Отец Николай щурясь осмотрел камеру. Присесть было негде. Ещё минуты две он стоял у дверей и пытался сообразить, что ему теперь делать.
– Идите сюда! – окликнул его негромкий голос у стены, – я подвинусь, поместимся вдвоём.
Отец Николай, как маленький ребёнок, ища хоть какую-то опору, доверчиво двинулся в сторону голоса. Стараясь никого не задеть, он медленно пробирался к своей цели. Сидящие на полу стали возмущаться, кто-то матерился, кто-то даже озлобленно ударил священника по ноге.
– Смотри, поп, куда прёшь! Развелось вас тут!
Наконец отец Николай добрался до человека, окликнувшего его.
– Вы не обращайте внимания на них! Понимаете? Тяжело… Страшно… Да и тесно к тому же, – священник сел и прислонился к стене.
– Давайте знакомиться! Меня зовут Михаил Александрович Стародубов! – и Михаил Александрович протянул серую тонкую руку.

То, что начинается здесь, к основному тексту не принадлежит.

(* Let $\lambda$ be a partition with $|\lambda| = k$. Then for all $n \in \mathbb{N}$ (with $\mathbb{N}=\{0,1,2,\dots\}$), \[ \frac{1}{\# \mathcal{OT}(\lambda,k+2n)\cdot(2n+k+1)} \sum_{T \in \mathcal{OT}(\lambda,k+2n)} \mathrm{wt}(T) = \frac{n}{3} + \frac{k}{2}.\]
   Context: Young's lattice is the poset of all integer partitions ordered by inclusion of Young diagrams; write $\mu \lessdot \lambda$ if the Young diagram of $\lambda$ is obtained from that of $\mu$ by adding one box. $|\lambda|$ denotes the size (number of boxes) of $\lambda$. A walk in Young's lattice is a sequence of partitions $(\lambda^{0},\lambda^{1},\ldots,\lambda^{l})$ such that for each $1\le i\le l$ either $\lambda^{i-1}\lessdot\lambda^{i}$ or $\lambda^{i}\lessdot\lambda^{i-1}$. An oscillating tableau of shape $\lambda$ and length $l$ is such a walk with $\lambda^{0}=\emptyset$ (the empty partition) and $\lambda^{l}=\lambda$; $\mathcal{OT}(\lambda,l)$ denotes the set of all of them. The weight of $T=(\lambda^{0},\ldots,\lambda^{l})$ is $\mathrm{wt}(T) := \sum_{i=0}^{l}|\lambda^{i}|$. *)

From HB Require Import structures.
From mathcomp Require Import all_boot all_order all_algebra.
Set Implicit Arguments. Unset Strict Implicit. Unset Printing Implicit Defensive.

Definition is_part (l : seq nat) : bool :=
  sorted geq l && all (fun x => 0 < x) l.

Definition psize (l : seq nat) : nat := sumn l.

Definition cover (mu lam : seq nat) : bool :=
  [&& is_part mu, is_part lam &
      has (fun i => incr_nth mu i == lam) (iota 0 (size mu).+1)].

Definition ystep (mu lam : seq nat) : bool := cover mu lam || cover lam mu.

Definition is_OT (lam : seq nat) (l : nat) (T : seq (seq nat)) : bool :=
  match T with
  | [::] => false
  | x :: s => [&& x == [::], size s == l, path ystep x s & last x s == lam]
  end.

Definition wt (T : seq (seq nat)) : nat := sumn (map psize T).

From mathcomp Require Import all_boot all_order all_algebra.
From mathcomp Require Import zify ring lra.
Set Implicit Arguments. Unset Strict Implicit. Unset Printing Implicit Defensive.

(* Write f^mu for the number of standard Young tableaux of shape mu.  A
   partition has exactly one more addable than removable box, which makes
   Young's lattice a differential poset (DU - UD = Id); hence summing f over the
   partitions covering mu gives (|mu| + 1) f^mu, and summing it over those
   covered by a nonempty mu gives f^mu.  By induction on l, the number of walks
   of length l from the empty partition to mu and their total weight are then
   A(l, |mu|) f^mu and B(l, |mu|) f^mu, where the coefficients satisfy
   B(l, h) = (l + 1)(l + 2h)/6 A(l, h).  For l = k + 2n and h = k the average
   weight is thus (2n + k + 1)(3k + 2n)/6. *)

Local Notation nth0 := (nth 0%N).

Lemma part_nth_gt0 s j : is_part s -> (0 < nth0 s j) = (j < size s).
Proof.
case/andP=> _ /allP s_gt0; have [lt_js|le_sj] := ltnP j (size s).
  exact/s_gt0/mem_nth.
by rewrite nth_default.
Qed.

Lemma eq_part a b : is_part a -> is_part b ->
  (forall j, nth0 a j = nth0 b j) -> a = b.
Proof.
move=> pa pb eq_ab; apply: (eq_from_nth (x0 := 0)) => [|i _]; last exact: eq_ab.
have size_ab j : (j < size a) = (j < size b).
  by rewrite -(part_nth_gt0 j pa) -(part_nth_gt0 j pb) eq_ab.
by apply/eqP; rewrite eqn_leq leqNgt size_ab ltnn leqNgt -size_ab ltnn.
Qed.

Lemma part_nth_geS s j : is_part s -> nth0 s j.+1 <= nth0 s j.
Proof.
case/andP=> /(sortedP 0) s_sorted _; have [lt_js|le_sj] := ltnP j.+1 (size s).
  exact: s_sorted.
by rewrite nth_default.
Qed.

Lemma is_part_nth s : (forall j, j < size s -> 0 < nth0 s j) ->
  (forall j, nth0 s j.+1 <= nth0 s j) -> is_part s.
Proof.
move=> s_gt0 s_dec; apply/andP; split; first by apply/(sortedP 0) => i _; apply: s_dec.
by apply/(all_nthP 0) => i /s_gt0.
Qed.

Lemma sumn_incr_nth s i : sumn (incr_nth s i) = (sumn s).+1.
Proof.
elim: s i => [|x s IHs] [|i] //=; last by rewrite IHs addnS.
by elim: i => //= i ->.
Qed.

Definition addable (mu : seq nat) i := (i == 0) || (nth0 mu i < nth0 mu i.-1).
Definition removable (mu : seq nat) i := nth0 mu i.+1 < nth0 mu i.

Lemma addable_size mu i : addable mu i -> i <= size mu.
Proof.
case: i => // i; rewrite /addable /= => lt_nth; rewrite leqNgt.
by apply: contraL lt_nth => lt_mu_i; rewrite !nth_default // ltnW.
Qed.

Lemma is_part_incr_nth mu i : is_part mu -> addable mu i ->
  is_part (incr_nth mu i).
Proof.
move=> pm add_i; apply: is_part_nth => j; rewrite !nth_incr_nth.
  rewrite size_incr_nth addn_gt0 (part_nth_gt0 _ pm).
  case: ifP => [_ ->|_]; first by rewrite orbT.
  rewrite ltnS leq_eqVlt => /predU1P[->|lt_ji]; first by rewrite eqxx.
  by rewrite (leq_trans lt_ji (addable_size add_i)) orbT.
have := part_nth_geS j pm; move: add_i; rewrite /addable.
by case: (i =P j.+1) => [->|]; case: (i =P j) => //=; lia.
Qed.

Lemma cover_incr_nth mu i : is_part mu -> addable mu i ->
  cover mu (incr_nth mu i).
Proof.
move=> pm add_i; apply/and3P; split; rewrite ?is_part_incr_nth //.
by apply/hasP; exists i; rewrite ?mem_iota ?ltnS ?addable_size.
Qed.

Lemma addable_of_nth mu nu i : is_part nu ->
  (forall k, nth0 nu k = nth0 mu k + (k == i)) -> addable mu i.
Proof.
case: i => // i pn nuE; have := part_nth_geS i pn.
by rewrite /addable /= !nuE eqxx (ltn_eqF (ltnSn i)); lia.
Qed.

Lemma coverP mu nu : cover mu nu <->
  [/\ is_part mu, is_part nu & exists i, forall k, nth0 nu k = nth0 mu k + (k == i)].
Proof.
split=> [|[pm pn [i nuE]]].
  case/and3P=> pm pn /hasP[i _ /eqP nuE]; subst nu.
  by split=> //; exists i => k; rewrite nth_incr_nth addnC eq_sym.
have add_i := addable_of_nth pn nuE.
have <- : incr_nth mu i = nu.
  apply: eq_part => [||k]; rewrite ?is_part_incr_nth //.
  by rewrite nth_incr_nth nuE addnC eq_sym.
exact: cover_incr_nth.
Qed.

Lemma cover_incr_nthP mu nu : cover mu nu ->
  exists2 i, addable mu i & nu = incr_nth mu i.
Proof.
case/and3P=> pm pn /hasP[i _ /eqP nuE]; exists i => //.
by apply: addable_of_nth pn _ => k; rewrite -nuE nth_incr_nth addnC eq_sym.
Qed.

Lemma cover_is_partl mu nu : cover mu nu -> is_part mu.
Proof. by case/and3P. Qed.

Lemma cover_is_partr mu nu : cover mu nu -> is_part nu.
Proof. by case/and3P. Qed.

Lemma psize_cover mu nu : cover mu nu -> psize nu = (psize mu).+1.
Proof. by case/cover_incr_nthP=> i _ ->; rewrite /psize sumn_incr_nth. Qed.

Lemma removable_size mu i : removable mu i -> i < size mu.
Proof.
have [//|le_mu_i] := ltnP i (size mu).
by rewrite /removable !nth_default ?(leqW le_mu_i).
Qed.

Definition remove_box (mu : seq nat) i :=
  [seq x <- mkseq (fun j => nth0 mu j - (j == i)) (size mu) | x != 0].

Lemma nth_filter_neq0_mkseq n (f : nat -> nat) :
  (forall j, f j.+1 <= f j) -> (forall j, n <= j -> f j = 0) ->
  forall j, nth0 [seq x <- mkseq f n | x != 0] j = f j.
Proof.
elim: n f => [|n IHn] f f_dec f_out j; first by rewrite nth_nil f_out.
have f_ge a b : a <= b -> f b <= f a.
  elim: b => [|b IHb]; first by rewrite leqn0 => /eqP ->.
  by rewrite leq_eqVlt => /predU1P[-> //|/IHb]; apply: leq_trans.
have -> : mkseq f n.+1 = f 0 :: mkseq (fun j => f j.+1) n.
  by rewrite /mkseq /= -[1]addn0 iotaDl -map_comp.
have [f00|f0_gt0] := posnP (f 0); last first.
  rewrite /= -lt0n f0_gt0; case: j => //= j.
  by apply: IHn => [k|k le_nk]; [apply: f_dec|apply: f_out].
have f_eq0 b : f b = 0 by apply/eqP; rewrite -leqn0 -f00 f_ge.
rewrite /= f00 f_eq0; set s := filter _ _; suff -> : s = [::] by rewrite nth_nil.
apply/eqP; rewrite -[_ == _]negbK -has_filter.
by apply/hasPn => x /mapP[y _ ->]; rewrite f_eq0.
Qed.

Lemma nth_remove_box mu i j : is_part mu -> removable mu i ->
  nth0 (remove_box mu i) j = nth0 mu j - (j == i).
Proof.
move=> pm rem_i; apply: nth_filter_neq0_mkseq => [k|k le_mu_k].
  have := part_nth_geS k pm; move: rem_i; rewrite /removable.
  by case: (k =P i) => [->|]; case: (k.+1 =P i) => //=; lia.
by rewrite nth_default.
Qed.

Lemma cover_remove_box mu i : is_part mu -> removable mu i ->
  cover (remove_box mu i) mu.
Proof.
move=> pm rem_i; apply/coverP; split=> //.
  apply: is_part_nth => [j /(mem_nth 0)|j].
    by rewrite mem_filter lt0n => /andP[].
  rewrite !nth_remove_box //; have := part_nth_geS j pm; move: rem_i.
  by rewrite /removable; case: (j =P i) => [->|]; case: (j.+1 =P i) => //=; lia.
exists i => k; rewrite nth_remove_box //; move: rem_i; rewrite /removable.
by case: (k =P i) => [->|] /=; lia.
Qed.

Definition ups mu := if is_part mu then
  [seq incr_nth mu i | i <- iota 0 (size mu).+1 & addable mu i] else [::].
Definition downs mu := if is_part mu then
  [seq remove_box mu i | i <- iota 0 (size mu) & removable mu i] else [::].

Lemma mem_ups mu nu : (nu \in ups mu) = cover mu nu.
Proof.
rewrite /ups; case: ifP => pm.
  apply/mapP/idP => [[i]|/cover_incr_nthP[i add_i ->]].
    by rewrite mem_filter => /andP[add_i _] ->; apply: cover_incr_nth.
  by exists i; rewrite // mem_filter add_i mem_iota ltnS addable_size.
by rewrite in_nil; apply/esym/negbTE; apply: contraFN pm; apply: cover_is_partl.
Qed.

Lemma mem_downs mu rho : (rho \in downs mu) = cover rho mu.
Proof.
rewrite /downs; case: ifP => pm.
  apply/mapP/idP => [[i]|rho_mu].
    by rewrite mem_filter => /andP[rem_i _] ->; apply: cover_remove_box.
  have prho := cover_is_partl rho_mu.
  have [i _ muE] := cover_incr_nthP rho_mu.
  have rem_i : removable mu i.
    have := part_nth_geS i prho.
    by rewrite /removable muE !nth_incr_nth eqxx (ltn_eqF (ltnSn i)); lia.
  exists i; first by rewrite mem_filter rem_i mem_iota removable_size.
  apply: eq_part => // [|k]; first exact: cover_is_partl (cover_remove_box pm rem_i).
  by rewrite nth_remove_box // muE nth_incr_nth; lia.
by rewrite in_nil; apply/esym/negbTE; apply: contraFN pm; apply: cover_is_partr.
Qed.

Lemma uniq_ups mu : uniq (ups mu).
Proof.
rewrite /ups; case: ifP => // _.
by rewrite map_inj_uniq ?filter_uniq ?iota_uniq //; apply: incr_nth_inj.
Qed.

Lemma uniq_downs mu : uniq (downs mu).
Proof.
rewrite /downs; case: ifP => // pm.
rewrite map_inj_in_uniq ?filter_uniq ?iota_uniq // => i i'.
rewrite !mem_filter => /andP[rem_i _] /andP[rem_i' _] E.
have := nth_remove_box i pm rem_i; rewrite E nth_remove_box // eqxx.
have := removable_size rem_i; rewrite -(part_nth_gt0 _ pm).
by case: (i =P i') => // _; lia.
Qed.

– Николай Семёнович Белобородов! – ответил новенький. – Очень приятно!
– Вы священник? Верно? – с любопытством спросил Михаил Александрович.
– Да, да! Священник.
– Ага, ясно! Антисоветская деятельность… По доносу или так? – со знанием дела поинтересовался он.
– Не знаю, я не знаю, – растерянно признался батюшка, и, подняв голову, с грустью взглянул на соседа.
– Меня вот по доносу арестовали. Вы представляете? Было у нас с приятелем одно недопонимание, а он взял и донос накатал. Взял и накатал!!! А мы, мы с ним… Эх… – не договорил он и махнул рукой. – Время такое, я понимаю, каждый сам за себя, никому нельзя верить! Советский человек должен верить в партию, а как? Как? Когда эта самая партия народ истреблять стала? – Михаил Александрович перешел на шепот. – Уши везде, страшно, страшно говорить! Одно слово и… расстрел! – совсем тихо произнес он.
Отец Николай, спокойно посмотрел на собеседника, вздохнул, затем улыбнулся и поправил подрясник:
– Обойдется! Даст Бог, всё обойдётся!
– Не думаю! Что же ваш Бог допустил, что и вас, как антисоветскую рожу загребли?
– Посмотрим! Видно, нужен я тут для чего-то! – спокойно ответил батюшка.
Михаил Александрович усмехнулся:
– Ага, знаю я для чего… Вон товарищей из камеры выводят, а назад мало кто возвращается, а те, кто вернулся, все одно, что с войны. Места живого нет. Кровавое месиво, а не человек. Я тут уже третьи сутки, а насмотрелся на всю жизнь наперед, – и он резко провел трясущейся ладонью по горлу. – Я – художник! Руки вот эти, кисти должны держать!!! – и он потряс руками перед лицом соседа, – Понимаете?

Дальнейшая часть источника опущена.